Lemma mfact_addU i m : mfact (U_(i) + m)%MM = (mfact m * (m i).+1)%N.
Proof.
rewrite /mfact (bigD1 i) //= [in RHS](bigD1 i) //= mnmDE mnm1E eqxx add1n factS.
rewrite [RHS]mulnC -mulnA; congr (_ * (_ * _))%N.
by apply: eq_bigr => j ji; rewrite mnmDE mnm1E eq_sym (negbTE ji).
Qed.

Lemma ipZE (s : seq 'X_{1..N}) P Q : uniq s -> {subset msupp P <= s} ->
  ipZ P Q = \sum_(m <- s) P@_m * (Q@_m)^* * (mfact m)%:R.
Proof.
move=> us sPs; apply: big_uniq_support; rewrite ?msupp_uniq // => m.
  by move=> /sPs ->.
by move=> _ mP; rewrite memN_msupp_eq0 // !mul0r.
Qed.

Lemma ipZDl P1 P2 Q : ipZ (P1 + P2) Q = ipZ P1 Q + ipZ P2 Q.
Proof.
pose s := undup (msupp P1 ++ msupp P2).
have us : uniq s by exact: undup_uniq.
have sub1 : {subset msupp P1 <= s} by move=> m mP; rewrite mem_undup mem_cat mP.
have sub2 : {subset msupp P2 <= s}.
  by move=> m mP; rewrite mem_undup mem_cat mP orbT.
have sub12 : {subset msupp (P1 + P2) <= s}.
  by move=> m /msuppD_le; rewrite mem_cat => /orP[/sub1|/sub2].
rewrite (ipZE Q us sub12) (ipZE Q us sub1) (ipZE Q us sub2) -big_split /=.
by apply: eq_bigr => m _; rewrite mcoeffD !mulrDl.
Qed.

Lemma ipZDr P Q1 Q2 : ipZ P (Q1 + Q2) = ipZ P Q1 + ipZ P Q2.
Proof.
rewrite /ipZ -big_split /=; apply: eq_bigr => m _.
by rewrite mcoeffD rmorphD /= mulrDr mulrDl.
Qed.

Lemma ipZZl c P Q : ipZ (c *: P) Q = c * ipZ P Q.
Proof.
rewrite (ipZE Q (msupp_uniq P)); last exact: msuppZ_le.
by rewrite mulr_sumr; apply: eq_bigr => m _; rewrite mcoeffZ !mulrA.
Qed.

Lemma ipZZr c P Q : ipZ P (c *: Q) = c^* * ipZ P Q.
Proof.
rewrite /ipZ mulr_sumr; apply: eq_bigr => m _.
by rewrite mcoeffZ rmorphM /= mulrCA !mulrA.
Qed.

Lemma ipZ0l Q : ipZ 0 Q = 0.
Proof. by rewrite /ipZ msupp0 big_nil. Qed.

Lemma ipZ0r P : ipZ P 0 = 0.
Proof. by rewrite /ipZ big1 // => m _; rewrite mcoeff0 conjC0 mulr0 mul0r. Qed.

Lemma ipZ_suml (I : Type) (r : seq I) (F : I -> {mpoly algC[N]}) Q :
  ipZ (\sum_(i <- r) F i) Q = \sum_(i <- r) ipZ (F i) Q.
Proof.
exact: (big_morph (fun P => ipZ P Q) (fun P1 P2 => ipZDl P1 P2 Q) (ipZ0l Q)).
Qed.

Lemma ipZ_sumr (I : Type) (r : seq I) (F : I -> {mpoly algC[N]}) P :
  ipZ P (\sum_(i <- r) F i) = \sum_(i <- r) ipZ P (F i).
Proof. exact: (big_morph (ipZ P) (ipZDr P) (ipZ0r P)). Qed.

Lemma ipZ_ge0 P : 0 <= ipZ P P.
Proof.
by apply: sumr_ge0 => m _; rewrite -normCK mulr_ge0 ?exprn_ge0 ?ler0n.
Qed.

Lemma ipZCl c Q : ipZ c%:MP Q = c * (Q@_0%MM)^*.
Proof.
rewrite -[c%:MP]mulr1 mul_mpolyC ipZZl /ipZ msupp1 big_seq1 mcoeff1 eqxx.
by rewrite -/(mfact 0%MM) mfact0 mul1r mulr1.
Qed.

(* This is where the factorial weights of the inner product are needed. *)
Lemma ipZMXl i P Q : ipZ ('X_i * P) Q = ipZ P (mderiv i Q).
Proof.
pose s := [seq (U_(i) + m)%MM | m <- msupp P].
have us : uniq s.
  rewrite map_inj_uniq ?msupp_uniq // => m1 m2 /=.
  by rewrite ![(U_(i) + _)%MM]addmC; apply: addIm.
have sXPs : {subset msupp ('X_i * P) <= s}.
  by move=> m; rewrite mulrC (perm_mem (msuppMX P U_(i))).
rewrite (ipZE Q us sXPs) big_map /ipZ; apply: eq_bigr => m _.
rewrite [_ * P]mulrC mcoeffMX mcoeff_deriv mfact_addU addmC natrM.
by rewrite -/(mfact m) rmorphMn /= -[_ *+ (m i).+1]mulr_natr; ring.
Qed.

End FischerProduct.

Section LinearChangeOfVariables.
Variables (R : comNzRingType) (N : nat).
Implicit Types (P Q : {mpoly R[N]}) (h : 'M[R]_N).

Lemma mpoly_indMX (Pr : {mpoly R[N]} -> Prop) :
  (forall c, Pr c%:MP) -> (forall P Q, Pr P -> Pr Q -> Pr (P + Q)) ->
  (forall i P, Pr P -> Pr ('X_i * P)) -> forall P, Pr P.
Proof.
move=> hC hD hX.
have hXn i k P : Pr P -> Pr ('X_i ^+ k * P).
  elim: k P => [|k IH] P HP; first by rewrite expr0 mul1r.
  by rewrite exprSr -mulrA; apply/IH/hX.
have hmono (r : seq 'I_N) m c : Pr ((\prod_(i <- r) 'X_i ^+ m i) * c%:MP).
  elim: r => [|i r IH]; first by rewrite big_nil mul1r.
  by rewrite big_cons -mulrA; apply: hXn.
elim/mpolyind => [|c m P _ _ HP]; first by rewrite -mpolyC0.
by apply: hD => //; rewrite -mul_mpolyC mulrC mpolyXE_id.
Qed.

Lemma mderiv_X i j : mderiv i ('X_j : {mpoly R[N]}) = ((j == i)%:R)%:MP.
Proof.
rewrite mderivX mnm1E; case: eqP => [->|_]; last by rewrite scale0r.
have -> : (U_(i) - U_(i))%MM = 0%MM.
  by apply/mnmP => l; rewrite mnmBE subnn mnm0E.
by rewrite mpolyX0 scale1r.
Qed.

Lemma mcoeff0_mulX i P : ('X_i * P)@_0%MM = 0.
Proof.
rewrite [P]mpolyE mulr_sumr raddf_sum big1 // => m _.
by rewrite /= -scalerAr -mpolyXD mcoeffZ mcoeffX mnmD_eq0 mnm1_eq0 mulr0.
Qed.

(* [P \mPo linvars h] is [P(X h)], with [X] the row vector of the variables. *)
Definition linvars h : N.-tuple {mpoly R[N]} :=
  [tuple \sum_(j < N) 'X_j * (h j k)%:MP | k < N].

* * * *

Word for word, repeat the line holding "by rewrite /= -scalerAr" and all lines after it through the end of the entries above.

**Response to this task:**
by rewrite /= -scalerAr -mpolyXD mcoeffZ mcoeffX mnmD_eq0 mnm1_eq0 mulr0.
Qed.

(* [P \mPo linvars h] is [P(X h)], with [X] the row vector of the variables. *)
Definition linvars h : N.-tuple {mpoly R[N]} :=
  [tuple \sum_(j < N) 'X_j * (h j k)%:MP | k < N].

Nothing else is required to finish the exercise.